● Records drawn from a dataset:

Let kron_exponent_lt L m : m \in msupp Q -> (m j < L)%N -> (e m < L * c j)%N.
Proof.
move=> mQ mjL; rewrite kron_exponentE (@leq_trans (B ^ k + m j * B ^ k)) //.
  by rewrite ltn_add2r; apply: sum_digits_lt => i; apply: msupp_exponent_lt.
rewrite -mulSn /c eqxx mul1n (@leq_trans (L * B ^ k)) //.
  by rewrite leq_mul2r mjL orbT.
by rewrite leq_mul2l leq_addl orbT.
Qed.

Lemma mcoeff_eq0_of_int_multiple_meval (L : nat) (K : int) :
  K != 0 ->
  (forall a : 'I_k -> int,
     int_multiple (a j ^+ L) (K%:~R * Q.@[fun i => (a i)%:~R])) ->
  forall m : 'X_{1..k}, (m j < L)%N -> Q@_m = 0.
Proof.
move=> K0 HQ m mjL; apply/eqP; rewrite -[_ == 0]negbK -mcoeff_msupp.
apply/negP => mQ.
have [q [u u0 kqE]] := rat_poly_scale kq.
have u0' : (u%:~R : rat) != 0 by rewrite intr_eq0.
have /eqP : (K *: q)`_(e m) = 0.
  apply: coef_eq0_of_dvd_horner (kron_exponent_lt mQ mjL) => t t0.
  have [z Hz] := HQ (fun i => (t ^ c i)%N%:Z).
  move: Hz; rewrite meval_kron kqE hornerZ (_ : t%:R = (t%:Z)%:~R) //.
  rewrite horner_map /= => Hz.
  suff -> : (K *: q).[t%:Z] = u * z * t%:Z ^+ (L * c j) by apply: dvdz_mull.
  apply: (@intr_inj rat); rewrite hornerZ rmorphM /=.
  have -> : (K%:~R * (q.[t%:Z])%:~R : rat) =
            u%:~R * (K%:~R * (u%:~R^-1 * (q.[t%:Z])%:~R)) by field.
  have natz (x : nat) : (x%:Z)%:~R = x%:R :> rat by [].
  by rewrite Hz !rmorphM !rmorphXn /= !natz -exprM (mulnC (c j)) mulrCA mulrC.
rewrite coefZ mulf_eq0 (negbTE K0) /= => /eqP qe0.
have := coef_kron mQ; rewrite kqE coefZ coef_map /= qe0 mulr0 => Qm0.
by move: mQ; rewrite mcoeff_msupp -Qm0 eqxx.
Qed.

End KroneckerSubstitution.

Definition polynomially_bounded (R : numDomainType) (f : nat -> R) (M : nat) : Prop :=
  exists C : R, forall r, (0 < r)%N -> `|f r| <= C * r%:R ^+ M.

Section PolynomiallyBounded.
Variable R : numDomainType.
Implicit Types f g : nat -> R.

Lemma polynomially_bounded_sum (I : Type) (s : seq I) (P : pred I)
    (F : I -> nat -> R) M :
  (forall i, P i -> polynomially_bounded (F i) M) ->
  polynomially_bounded (fun r => \sum_(i <- s | P i) F i r) M.
Proof.
move=> HF; elim: s => [|i s [C HC]].
  by exists 0 => r _; rewrite big_nil normr0 mul0r.
case: (boolP (P i)) => Pi.
  have [Ci HCi] := HF i Pi; exists (Ci + C) => r r0; rewrite big_cons Pi mulrDl.
  by apply: le_trans (ler_normD _ _) _; rewrite lerD ?HCi ?HC.
by exists C => r r0; rewrite big_cons (negbTE Pi) HC.
Qed.

Lemma polynomially_boundedM f g M1 M2 :
  polynomially_bounded f M1 -> polynomially_bounded g M2 ->
  polynomially_bounded (fun r => f r * g r) (M1 + M2).
Proof.
move=> [C1 H1] [C2 H2]; exists (C1 * C2) => r r0.
by rewrite normrM exprD mulrACA ler_pM ?H1 ?H2.
Qed.

Lemma polynomially_bounded_cst (c : R) : polynomially_bounded (fun=> c) 0.
Proof. by exists `|c| => r _; rewrite expr0 mulr1. Qed.

End PolynomiallyBounded.

Lemma lead_coef_horner_le (R : realDomainType) (P : {poly R}) (x : R) : 1 <= x ->
  `|lead_coef P| * x ^+ (size P).-1 <=
  `|P.[x]| + (\sum_(i < (size P).-1) `|P`_i|) * x ^+ (size P).-2.
Proof.
move=> x1; have x0 : 0 <= x by apply: le_trans x1.
case sP: (size P) => [|d] /=.
  by rewrite lead_coefE sP nth_default ?sP // normr0 mul0r big_ord0 mul0r addr0.
set low := \sum_(i < d) P`_i * x ^+ i.
have Plow : P.[x] = low + lead_coef P * x ^+ d.
  by rewrite horner_coef sP big_ord_recr lead_coefE sP.
have low_le : `|low| <= (\sum_(i < d) `|P`_i|) * x ^+ d.-1.
  rewrite mulr_suml; apply: le_trans (ler_norm_sum _ _ _) _; apply: ler_sum => i _.
  rewrite normrM normrX (ger0_norm x0) ler_wpM2l // ler_weXn2l //.
  by have := ltn_ord i; lia.
rewrite -(ger0_norm (exprn_ge0 d x0)) -normrM (_ : _ * _ = P.[x] - low); last first.
  by rewrite Plow addrC addKr.
by apply: le_trans (ler_normB _ _) _; rewrite lerD2l.
Qed.

Lemma size_poly_le_of_bounded (R : archiRealFieldType) (P : {poly R}) (f : nat -> R)
    (N M : nat) :
  (forall r, (N <= r)%N -> P.[r%:R] = f r) -> polynomially_bounded f M ->
  (size P <= M.+1)%N.
Proof.
move=> Pf [C HC]; rewrite leqNgt; apply/negP => sP.
set d := (size P).-1; set S := \sum_(i < d) `|P`_i|.
have lc0 : 0 < `|lead_coef P|.
  by rewrite normr_gt0 lead_coef_eq0 -size_poly_eq0 -lt0n (leq_trans _ sP).
have S0 : 0 <= S by rewrite sumr_ge0.
pose r := (N + Num.bound ((S + `|C|) / `|lead_coef P|)).+1.
have x1 : 1 <= r%:R :> R by rewrite ler1n.
have x0 : 0 < r%:R :> R by apply: lt_le_trans x1.
have big_r : S + `|C| < `|lead_coef P| * r%:R.
  rewrite mulrC -ltr_pdivrMr //; apply: lt_le_trans (archi_boundP _) _.
    by rewrite divr_ge0 // addr_ge0.
  by rewrite ler_nat /r ltnW // ltnS leq_addl.
have CM : `|P.[r%:R]| <= `|C| * r%:R ^+ d.-1.
  rewrite Pf ?(leq_trans (leq_addr _ _) (leqnSn _)) //.
  apply: le_trans (HC r isT) _; apply: le_trans (ler_wpM2r _ (ler_norm _)) _.
    exact: exprn_ge0 (ltW x0).
  by rewrite ler_wpM2l // ler_weXn2l // /d; lia.
have := lead_coef_horner_le P x1; rewrite -/d -/S.
have -> : r%:R ^+ d = r%:R * r%:R ^+ d.-1 :> R.
  by rewrite -exprS /d; congr (_ ^+ _); lia.
move=> H; have : `|lead_coef P| * r%:R * r%:R ^+ d.-1 <= (S + `|C|) * r%:R ^+ d.-1.
  by rewrite -mulrA mulrDl; apply: le_trans H _; rewrite addrC lerD2l.
by rewrite ler_pM2r ?exprn_gt0 // leNgt big_r.
Qed.

Definition interp_denom (N : nat) : int :=
  \prod_(i < N.+1) \prod_(j < N.+1 | (i < j)%N) (j%:Z - i%:Z).

Lemma interp_denom_neq0 N : interp_denom N != 0.
Proof.
apply/prodf_neq0 => i _; apply/prodf_neq0 => j ij.
by rewrite subr_eq0 eqz_nat neq_ltn ij orbT.
Qed.

Lemma int_multiple_coef_interp (N R : nat) (T : {poly rat}) (A : int) :
  (size T <= N.+1)%N ->
  (forall l, (l <= N)%N -> int_multiple A T.[(R + l)%:R]) ->
  forall i, int_multiple A ((interp_denom N)%:~R * T`_i).
Proof.
move=> sT HT i; have [iN|iN] := ltnP i N.+1; last first.
  by rewrite nth_default ?mulr0; [exists 0; rewrite mulr0 | exact: leq_trans iN].
pose V := map_mx (intr : int -> rat) (Vandermonde N.+1 (\row_(l < N.+1) (R + l)%:Z)).
pose cT : 'rV[rat]_(N.+1) := \row_i T`_i.
have cTV l : (cT *m V) 0 l = T.[(R + l)%:R].
  rewrite mxE (horner_coef_wide _ sT); apply: eq_bigr => k _.
  by rewrite !mxE rmorphXn.
have detV : \det V = (interp_denom N)%:~R.
  rewrite det_map_mx det_Vandermonde; congr intr.
  apply: eq_bigr => k _; apply: eq_bigr => l _.
  by rewrite !mxE !PoszD opprD addrACA subrr add0r.
have Cramer : cT *m V *m \adj V = \det V *: cT.
  by rewrite -mulmxA mul_mx_adj mul_mx_scalar.
move: (congr1 (fun X : 'rV[rat]_(N.+1) => X 0 (Ordinal iN)) Cramer) => /=.
rewrite [in RHS]mxE [in RHS]mxE detV => <-.
rewrite mxE; apply: int_multiple_sum => l _.
rewrite cTV /V -map_mx_adj mxE mulrC; apply: int_multipleMl; first exact: intr_int.
by apply: HT; rewrite -ltnS.
Qed.
Lemma edotBl x y z : edot (x - y) z = edot x z - edot y z.
Proof. by rewrite edotDl edotNl. Qed.

Lemma edotDr x y z : edot z (x + y) = edot z x + edot z y.
Proof. by rewrite edotC edotDl !(edotC z). Qed.

Lemma edotZr a x y : edot y (a *: x) = a * edot y x.
Proof. by rewrite edotC edotZl edotC. Qed.

Lemma edot0l x : edot 0 x = 0.
Proof. by rewrite /edot big1 // => i _; rewrite mxE mul0r. Qed.

Lemma edot_sumr k (f : 'I_k -> 'rV[R]_n) y :
  edot y (\sum_(j < k) f j) = \sum_(j < k) edot y (f j).
Proof.
elim: k f => [|k IH] f; first by rewrite !big_ord0 edotC edot0l.
by rewrite !big_ord_recr /= edotDr IH.
Qed.

Lemma edot_ge0 x : 0 <= edot x x.
Proof. by apply: sumr_ge0 => i _; rewrite -expr2 sqr_ge0. Qed.

Lemma enorm_ge0 x : 0 <= enorm x.
Proof. exact: sqrtr_ge0. Qed.

Lemma enorm_sqr x : enorm x ^+ 2 = edot x x.
Proof. by rewrite sqr_sqrtr // edot_ge0. Qed.

Lemma enorm0 : enorm (0 : 'rV[R]_n) = 0.
Proof. by rewrite /enorm edot0l sqrtr0. Qed.

Lemma enorm_eq0 x : enorm x = 0 -> x = 0.
Proof.
move=> /eqP; rewrite sqrtr_eq0 => x0; apply/matrixP => i j; rewrite mxE ord1.
have sq_ge0 (k : 'I_n) : xpredT k -> 0 <= x 0 k * x 0 k by rewrite -expr2 sqr_ge0.
have xx0 : edot x x = 0 by apply/eqP; rewrite eq_le x0 edot_ge0.
have /eqP := (psumr_eq0P sq_ge0 xx0) j isT.
by rewrite mulf_eq0 orbb => /eqP.
Qed.

Lemma enorm_gt0 x : x != 0 -> 0 < enorm x.
Proof.
by move=> x0; rewrite lt0r enorm_ge0 andbT; apply: contra_neq x0; exact: enorm_eq0.
Qed.

Lemma enormZ a x : enorm (a *: x) = `|a| * enorm x.
Proof. by rewrite /enorm edotZl edotZr mulrA -expr2 sqrtrM ?sqr_ge0 // sqrtr_sqr. Qed.

Lemma enormN x : enorm (- x) = enorm x.
Proof. by rewrite -scaleN1r enormZ normrN normr1 mul1r. Qed.

Lemma enormBC x y : enorm (x - y) = enorm (y - x).
Proof. by rewrite -enormN opprB. Qed.

Lemma enormD_sqr x y :
  enorm (x + y) ^+ 2 = enorm x ^+ 2 + 2 * edot x y + enorm y ^+ 2.
Proof. by rewrite !enorm_sqr edotDl !edotDr (edotC y x); ring. Qed.

Lemma cauchy_schwarz x y : `|edot x y| <= enorm x * enorm y.
Proof.
have [->|x0] := eqVneq x 0; first by rewrite edot0l enorm0 mul0r normr0.
have [->|y0] := eqVneq y 0; first by rewrite edotC edot0l enorm0 mulr0 normr0.
have nx := enorm_gt0 x0; have ny := enorm_gt0 y0.
have sqD (b : R) : 0 <= enorm (enorm y *: x + b *: y) ^+ 2 by exact: sqr_ge0.
have := sqD (enorm x); have := sqD (- enorm x).
rewrite !enormD_sqr !enormZ !edotZl !edotZr normrN !(ger0_norm (enorm_ge0 _)).
rewrite ler_norml; move: (edot x y) (enorm x) (enorm y) nx ny => c p q hp hq h1 h2.
have hpq : 0 < p * q by exact: mulr_gt0.
rewrite !expr2 in h1 h2; apply/andP; split; nra.
Qed.
Lemma lyap_served_move x : (stQ x (stInc x) <= th)%nat ->
  lyap_served x <= lyap x - INR (backlog x) + INR (n.+1 * th).
Proof.
move=> Qinc_le; have dec : decide pol x = ordS (stInc x).
  by rewrite decide_threshold ltnNge Qinc_le.
have term j : INR (stQ x j - (j == ordS (stInc x))) * (base_weight + INR (cdist (ordS (stInc x)) j))
    + INR (stQ x j) <= INR (stQ x j) * (base_weight + INR (cdist (stInc x) j))
    + (if j == stInc x then INR (n.+1 * th) else 0).
  have Qj_le : INR (stQ x j - (j == ordS (stInc x))) <= INR (stQ x j) by apply/le_INR/leP; lia.
  have := Rmult_le_compat_r (base_weight + INR (cdist (ordS (stInc x)) j)) _ _ _ Qj_le.
  have := base_weight_ge0; have := pos_INR (cdist (ordS (stInc x)) j).
  have [->|ne_j] := eqVneq j (stInc x).
    rewrite cdistSl_self cdistxx mult_INR S_INR /=.
    have : INR (stQ x (stInc x)) <= INR th by apply/le_INR/leP.
    by have := pos_INR n; move=> *; nra.
  have := cdistSl ne_j; have : cdist (stInc x) j <> 0%nat.
    by move/cdist_eq0/eqP; rewrite eq_sym (negbTE ne_j).
  case: (cdist (stInc x) j) => [//|d] _ ->; rewrite [d.+1.-1]/= S_INR; move=> *; nra.
have base_weightE : \big[Rplus/0]_j (if j == stInc x then INR (n.+1 * th) else 0) = INR (n.+1 * th).
  by rewrite -big_mkcond big_pred1_eq.
rewrite /lyap_served /lyap /backlog /= dec INR_sum.
by have := leR_sum term; rewrite !big_split /= base_weightE; lra.
Qed.

Definition drift_const : R := INR (n.+1 * th) + (base_weight + INR n) * load.

Lemma drift_const_ge0 : 0 <= drift_const.
Proof.
have := pos_INR (n.+1 * th); have := pos_INR n; have := base_weight_ge0; have := load_ge0.
by rewrite /drift_const => *; nra.
Qed.
(* Let $h\ge 2$ be an integer and $\lambda_G,\lambda_L,\gamma>0$. Let $S=\{(a,b): a\ge 1,\ b\ge 1,\ a+b\le h\}\cup\{(0,1)^\ast\}$ and let $\mathbf{P}=(p_{s,t})_{s,t\in S}$, $\Phi=(\phi_{s,t})_{s,t\in S}$ be the matrices whose only non-zero entries are as follows: for $(a,b)\in S$ with $a\ge 1$, $p_{(a,b),(a-1,b+1)}=\frac{a\lambda_L}{a\lambda_L+\gamma}$ and $\phi_{(a,b),(a-1,b+1)}=\frac{a\lambda_L}{b(a\lambda_L+\gamma)}$ if $a>1$; $p_{(1,b),(0,1)^\ast}=\frac{\lambda_L}{\lambda_L+\gamma}$ and $\phi_{(1,b),(0,1)^\ast}=\frac{\lambda_L}{b(\lambda_L+\gamma)}$; $p_{(a,b),(a,b-1)}=\frac{(b-1)\gamma}{b(a\lambda_L+\gamma)}$ if $b\ge 2$; $\phi_{(a,b),(h-1,1)}=\frac{\lambda_G}{b(a\lambda_L+\gamma)}$; and $\phi_{(0,1)^\ast,(h-1,1)}=\lambda_G/\gamma$ (the row of $\mathbf{P}$ indexed by $(0,1)^\ast$ is zero). Let $\mathbf{M}=(\mathbf{I}-\mathbf{P})^{-1}\Phi$, let $\mu_G=\lambda_G/\gamma$, let $\mathbf{G}$ be the $S\times S$ matrix with $G_{s,(h-1,1)}=\mu_G$ for all $s\in S$ and all other entries $0$, and let $\mathbf{U}=(u_{s,t})=\mathbf{M}-\mathbf{G}$. For $i=0,1,\ldots,h-1$ let $\mu_i$ be the mean number of infectives in generation $i$ of the single-household epidemic described in the context. Then for $i=0,1,\ldots,h-1$, $$\mu_i=\sum_{(c,d)\in S}\big(\mathbf{U}^i\big)_{(h-1,1),(c,d)},$$ i.e. $\mu_i$ equals the sum of the row of $\mathbf{U}^i$ indexed by $(h-1,1)$ (with $\mathbf{U}^0=\mathbf{I}$).
   Context: Single-household Markovian SIR epidemic: a household of $h$ individuals initially contains one infective and $h-1$ susceptibles. Each infective remains infectious for an exponentially distributed time with rate $\gamma$ (independently), during which it makes contacts with each other given household member at the points of independent homogeneous Poisson processes of rate $\lambda_L$; a contacted susceptible immediately becomes infectious; recovered individuals play no further role. Generations: the initial infective is in generation $0$, and an individual infected by an infective of generation $i-1$ is in generation $i$. A state $(a,b)$ denotes a household with $a$ susceptibles and $b$ infectives; the states with no susceptibles are amalgamated into the single state $(0,1)^\ast$. The matrix $\mathbf{M}$ is the mean reproduction matrix, whose entry $m_{s,t}$ is the mean number of type-$t$ infectives generated by an individual who becomes infected as a member of a type-$s$ infectious unit (in the household epidemic model where, in addition, each infective makes global contacts at rate $\lambda_G$, each creating a new household infectious unit in state $(h-1,1)$). *)

From HB Require Import structures.
From mathcomp Require Import all_boot all_order all_algebra.
Set Implicit Arguments. Unset Strict Implicit. Unset Printing Implicit Defensive.
Import Order.TTheory GRing.Theory Num.Theory.
Local Open Scope ring_scope.

(* State space S: Some (a,b) with a>=1, b>=1, a+b<=h; None = (0,1)^* *)
Definition St (h : nat) : finType :=
  option {p : ('I_h.+1 * 'I_h.+1)%type |
          [&& (0 < p.1)%N, (0 < p.2)%N & (p.1 + p.2 <= h)%N]}.

Definition stateA h (s : St h) : nat :=
  if s is Some p then nat_of_ord (val p).1 else 0%N.
Definition stateB h (s : St h) : nat :=
  if s is Some p then nat_of_ord (val p).2 else 1%N.
Definition isPair h (t : St h) (a b : nat) : bool :=
  [&& t != None, stateA t == a & stateB t == b].

Section Matrices.
Variables (R : realFieldType) (h : nat) (lG lL g : R).

Definition pP (s t : St h) : R :=
  if s is None then 0 else
  let a := stateA s in let b := stateB s in
  (if (1 < a)%N && isPair t a.-1 b.+1 then a%:R * lL / (a%:R * lL + g) else 0)
  + (if (a == 1)%N && (t == None) then lL / (lL + g) else 0)
  + (if (2 <= b)%N && isPair t a b.-1
     then (b.-1)%:R * g / (b%:R * (a%:R * lL + g)) else 0).

Definition pPhi (s t : St h) : R :=
  if s is None then (if isPair t h.-1 1 then lG / g else 0) else
  let a := stateA s in let b := stateB s in
  (if (1 < a)%N && isPair t a.-1 b.+1
     then a%:R * lL / (b%:R * (a%:R * lL + g)) else 0)
  + (if (a == 1)%N && (t == None) then lL / (b%:R * (lL + g)) else 0)
  + (if isPair t h.-1 1 then lG / (b%:R * (a%:R * lL + g)) else 0).

Definition Pmat : 'M[R]_#|St h| :=
  \matrix_(i, j) pP (enum_val i) (enum_val j).
Definition Phimat : 'M[R]_#|St h| :=
  \matrix_(i, j) pPhi (enum_val i) (enum_val j).
Definition Mmat : 'M[R]_#|St h| := invmx (1%:M - Pmat) *m Phimat.
Definition Gmat : 'M[R]_#|St h| :=
  \matrix_(i, j) (if isPair (enum_val j) h.-1 1 then lG / g else 0).
Definition Umat : 'M[R]_#|St h| := Mmat - Gmat.

(* Single-household Markovian SIR epidemic, described through its embedded
   jump chain.  State: a = number of susceptibles, inf = counts of current
   infectives by generation (inf`_j = number of generation-j infectives).
   From a state with B = sumn inf > 0 infectives the total event rate is
   B (a lL + g): a generation-j infective infects some susceptible at rate
   inf_j * a * lL (new infective of generation j+1) and recovers at rate
   inf_j * g.  ev fuel i a inf = expected number of future infections of
   generation i. *)
Fixpoint ev (fuel i a : nat) (inf : seq nat) : R :=
  match fuel with
  | 0%N => 0
  | f.+1 =>
    let B := sumn inf in
    if B == 0%N then 0 else
    let T := B%:R * (a%:R * lL + g) in
    \sum_(j < size inf)
      ( (nth 0%N inf j * a)%:R * lL / T
          * ((j.+1 == i)%:R + ev f i a.-1 (incr_nth inf j.+1))
      + (nth 0%N inf j)%:R * g / T
          * ev f i a (set_nth 0%N inf j (nth 0%N inf j).-1) )
  end.

(* mean number of infectives of generation i, initial state: h-1 susceptibles
   and one infective of generation 0. The measure 2a + #infectives strictly
   decreases at each jump, so fuel 2h suffices. *)
Definition mu (i : nat) : R := (i == 0%N)%:R + ev (2 * h) i h.-1 [:: 1%N].

End Matrices.

From mathcomp Require Import all_boot all_order all_algebra.
From mathcomp Require Import zify ring.
Set Implicit Arguments. Unset Strict Implicit. Unset Printing Implicit Defensive.
Import Order.TTheory GRing.Theory Num.Theory.
Local Open Scope ring_scope.

(* Every transition of P lowers 2a + b, so I - P is invertible and
   (I - P) U = Phi - (I - P) G.  In the row of (a,b) the global-infection entry
   of Phi equals (lG/g) (1 - sum_t P_{(a,b),t}), so it cancels against (I - P) G:
   U is the mean next-generation matrix of within-household infections alone.
   Hence the row sums V_k(a,b) of U^k satisfy the first-step equation
     b (a lL + g) V_{k+1}(a,b) = a lL V_k(a-1,b+1) + b a lL V_{k+1}(a-1,b+1)
                                 + (b-1) g V_{k+1}(a,b-1),
   which is also the equation of the jump chain of the epidemic once every
   current generation-l infective is credited with V_{i-l} generation-i cases.
   Induction on the number of remaining events gives mu_i = V_i(h-1,1). *)

Lemma sumn_incr_nth (s : seq nat) j : sumn (incr_nth s j) = (sumn s).+1.
Proof.
elim: s j => [|x s IHs] [|j] //=; rewrite ?addSn ?IHs ?addnS //.
by rewrite add0n; elim: j => //= j ->.
Qed.

Lemma nth_leq_sumn (s : seq nat) l : (nth 0%N s l <= sumn s)%N.
Proof. by elim: s l => [|x s IHs] [|l] //=; rewrite ?leq_addr // (leq_trans (IHs l)) ?leq_addl. Qed.

Lemma nth_sumn0 (s : seq nat) l : sumn s = 0%N -> nth 0%N s l = 0%N.
Proof. by move=> s0; have := nth_leq_sumn s l; rewrite s0 leqn0 => /eqP. Qed.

● Description of the task:
Lines to set down from above: the line with "future infections of", the line with "of Phi equals", and every line between, each exactly as written.

● Written response:
   inf_j * g.  ev fuel i a inf = expected number of future infections of
   generation i. *)
Fixpoint ev (fuel i a : nat) (inf : seq nat) : R :=
  match fuel with
  | 0%N => 0
  | f.+1 =>
    let B := sumn inf in
    if B == 0%N then 0 else
    let T := B%:R * (a%:R * lL + g) in
    \sum_(j < size inf)
      ( (nth 0%N inf j * a)%:R * lL / T
          * ((j.+1 == i)%:R + ev f i a.-1 (incr_nth inf j.+1))
      + (nth 0%N inf j)%:R * g / T
          * ev f i a (set_nth 0%N inf j (nth 0%N inf j).-1) )
  end.

(* mean number of infectives of generation i, initial state: h-1 susceptibles
   and one infective of generation 0. The measure 2a + #infectives strictly
   decreases at each jump, so fuel 2h suffices. *)
Definition mu (i : nat) : R := (i == 0%N)%:R + ev (2 * h) i h.-1 [:: 1%N].

End Matrices.

From mathcomp Require Import all_boot all_order all_algebra.
From mathcomp Require Import zify ring.
Set Implicit Arguments. Unset Strict Implicit. Unset Printing Implicit Defensive.
Import Order.TTheory GRing.Theory Num.Theory.
Local Open Scope ring_scope.

(* Every transition of P lowers 2a + b, so I - P is invertible and
   (I - P) U = Phi - (I - P) G.  In the row of (a,b) the global-infection entry
   of Phi equals (lG/g) (1 - sum_t P_{(a,b),t}), so it cancels against (I - P) G:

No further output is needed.